**Task details**
What follows is a block of records; restate each one word for word.

**Supplied data**
Theorem mainTheorem5 (C : numClosedFieldType) (V : lmodType C) (ip : V -> V -> C)
  (H0 W : pop V) (E : nat -> C) (psi : nat -> V) (n : nat) :
  hilbert_space ip ->
  self_adjoint ip H0 -> self_adjoint ip W -> rel_bounded ip W H0 ->
  ip (psi 0%N) (psi 0%N) = 1 ->
  dom H0 (psi 0%N) -> app H0 (psi 0%N) = E 0%N *: psi 0%N ->
  (forall x, dom H0 x -> app H0 x = E 0%N *: x -> exists c : C, x = c *: psi 0%N) ->
  (forall m, (1 <= m <= n)%N -> Pbar0 ip (psi 0%N) (psi m) = psi m) ->
  (forall m k (t : k.-tuple 'I_m.+1), (1 <= m <= n)%N -> (1 <= k <= m)%N ->
     is_comp m (map val t) ->
     chain ip H0 W (psi 0%N) (E 0%N) E (map val t) (psi 0%N) <> None) ->
  (forall m k (t : k.-tuple 'I_m.+1), (2 <= m <= n)%N -> (2 <= k <= m)%N ->
     is_comp m (map val t) ->
     termE ip H0 W (psi 0%N) (E 0%N) E (map val t) <> None) ->
  (1 <= n)%N -> E 1%N = ip (psi 0%N) (app W (psi 0%N)) ->
  (forall m, (2 <= m <= n)%N ->
     E m = - \sum_(2 <= k < m.+1)
              \sum_(t : k.-tuple 'I_m.+1 | is_comp m (map val t))
                 ip (psi 0%N) (odflt 0 (termE ip H0 W (psi 0%N) (E 0%N) E (map val t)))) ->
  (forall m, (1 <= m <= n)%N ->
     psi m = \sum_(1 <= k < m.+1)
              \sum_(t : k.-tuple 'I_m.+1 | is_comp m (map val t))
                 odflt 0 (chain ip H0 W (psi 0%N) (E 0%N) E (map val t) (psi 0%N))) ->
  forall m, (1 <= m <= n)%N ->
    dom H0 (psi m) /\
    app H0 (psi m) + app W (psi m.-1) = \sum_(0 <= k < m.+1) E k *: psi (m - k)%N.
Proof.
move=> [[_ ip_linear _ _] _] [H0_linear _ _] [W_linear _ _] _ ip00 _ _ _ _ chain_def _ _
  E1 E_rec psi_rec m m_ok; have /andP[m_gt0 m_le_n] := m_ok.
set psi0 := psi 0%N in ip00 chain_def E1 E_rec psi_rec *.
pose term s := odflt 0 (chain ip H0 W psi0 (E 0%N) E s psi0).
pose source s := odflt 0 (termE ip H0 W psi0 (E 0%N) E s).
have psiE i : (i <= n)%N -> psi i = compsum_all i term.
  case: i => [_|i i_le_n]; first by rewrite compsum_all0.
  rewrite psi_rec // /compsum_all [RHS]big_ltn //= add0r.
  by apply: eq_bigr => k _; apply: compsum_tuple.
have defined s : is_comp m s -> chain ip H0 W psi0 (E 0%N) E s psi0 <> None.
  move=> comp_s; have [t t_s] := comp_tuple comp_s.
  by rewrite -t_s; apply: chain_def; rewrite ?t_s //; apply: is_comp_size.
have source_orth : ip psi0 (compsum_all m source) = 0.
  rewrite ip_compsum_all_source // ip00 mulr1.
  have [m_gt1|m_le1] := ltnP 1 m; last first.
    have -> : m = 1%N by lia.
    by rewrite E1 subrr add0r big_geq.
  rewrite gtn_eqF // subr0 E_rec ?m_gt1 //.
  apply/eqP; rewrite addrC subr_eq0; apply/eqP/eq_big_nat => k _.
  exact/esym/compsum_tuple.
have [dom_m eigen_m] :=
  compsum_all_eigen_equation H0_linear W_linear ip_linear defined m_gt0 source_orth.
rewrite (psiE m) // (psiE m.-1) ?(leq_trans (leq_pred m)) //; split => //.
rewrite eigen_m; apply: eq_big_nat => k _; rewrite psiE // (leq_trans (leq_subr k m)) //.
Qed.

**Exercise output**
Theorem mainTheorem5 (C : numClosedFieldType) (V : lmodType C) (ip : V -> V -> C)
  (H0 W : pop V) (E : nat -> C) (psi : nat -> V) (n : nat) :
  hilbert_space ip ->
  self_adjoint ip H0 -> self_adjoint ip W -> rel_bounded ip W H0 ->
  ip (psi 0%N) (psi 0%N) = 1 ->
  dom H0 (psi 0%N) -> app H0 (psi 0%N) = E 0%N *: psi 0%N ->
  (forall x, dom H0 x -> app H0 x = E 0%N *: x -> exists c : C, x = c *: psi 0%N) ->
  (forall m, (1 <= m <= n)%N -> Pbar0 ip (psi 0%N) (psi m) = psi m) ->
  (forall m k (t : k.-tuple 'I_m.+1), (1 <= m <= n)%N -> (1 <= k <= m)%N ->
     is_comp m (map val t) ->
     chain ip H0 W (psi 0%N) (E 0%N) E (map val t) (psi 0%N) <> None) ->
  (forall m k (t : k.-tuple 'I_m.+1), (2 <= m <= n)%N -> (2 <= k <= m)%N ->
     is_comp m (map val t) ->
     termE ip H0 W (psi 0%N) (E 0%N) E (map val t) <> None) ->
  (1 <= n)%N -> E 1%N = ip (psi 0%N) (app W (psi 0%N)) ->
  (forall m, (2 <= m <= n)%N ->
     E m = - \sum_(2 <= k < m.+1)
              \sum_(t : k.-tuple 'I_m.+1 | is_comp m (map val t))
                 ip (psi 0%N) (odflt 0 (termE ip H0 W (psi 0%N) (E 0%N) E (map val t)))) ->
  (forall m, (1 <= m <= n)%N ->
     psi m = \sum_(1 <= k < m.+1)
              \sum_(t : k.-tuple 'I_m.+1 | is_comp m (map val t))
                 odflt 0 (chain ip H0 W (psi 0%N) (E 0%N) E (map val t) (psi 0%N))) ->
  forall m, (1 <= m <= n)%N ->
    dom H0 (psi m) /\
    app H0 (psi m) + app W (psi m.-1) = \sum_(0 <= k < m.+1) E k *: psi (m - k)%N.
Proof.
move=> [[_ ip_linear _ _] _] [H0_linear _ _] [W_linear _ _] _ ip00 _ _ _ _ chain_def _ _
  E1 E_rec psi_rec m m_ok; have /andP[m_gt0 m_le_n] := m_ok.
set psi0 := psi 0%N in ip00 chain_def E1 E_rec psi_rec *.
pose term s := odflt 0 (chain ip H0 W psi0 (E 0%N) E s psi0).
pose source s := odflt 0 (termE ip H0 W psi0 (E 0%N) E s).
have psiE i : (i <= n)%N -> psi i = compsum_all i term.
  case: i => [_|i i_le_n]; first by rewrite compsum_all0.
  rewrite psi_rec // /compsum_all [RHS]big_ltn //= add0r.
  by apply: eq_bigr => k _; apply: compsum_tuple.
have defined s : is_comp m s -> chain ip H0 W psi0 (E 0%N) E s psi0 <> None.
  move=> comp_s; have [t t_s] := comp_tuple comp_s.
  by rewrite -t_s; apply: chain_def; rewrite ?t_s //; apply: is_comp_size.
have source_orth : ip psi0 (compsum_all m source) = 0.
  rewrite ip_compsum_all_source // ip00 mulr1.
  have [m_gt1|m_le1] := ltnP 1 m; last first.
    have -> : m = 1%N by lia.
    by rewrite E1 subrr add0r big_geq.
  rewrite gtn_eqF // subr0 E_rec ?m_gt1 //.
  apply/eqP; rewrite addrC subr_eq0; apply/eqP/eq_big_nat => k _.
  exact/esym/compsum_tuple.
have [dom_m eigen_m] :=
  compsum_all_eigen_equation H0_linear W_linear ip_linear defined m_gt0 source_orth.
rewrite (psiE m) // (psiE m.-1) ?(leq_trans (leq_pred m)) //; split => //.
rewrite eigen_m; apply: eq_big_nat => k _; rewrite psiE // (leq_trans (leq_subr k m)) //.
Qed.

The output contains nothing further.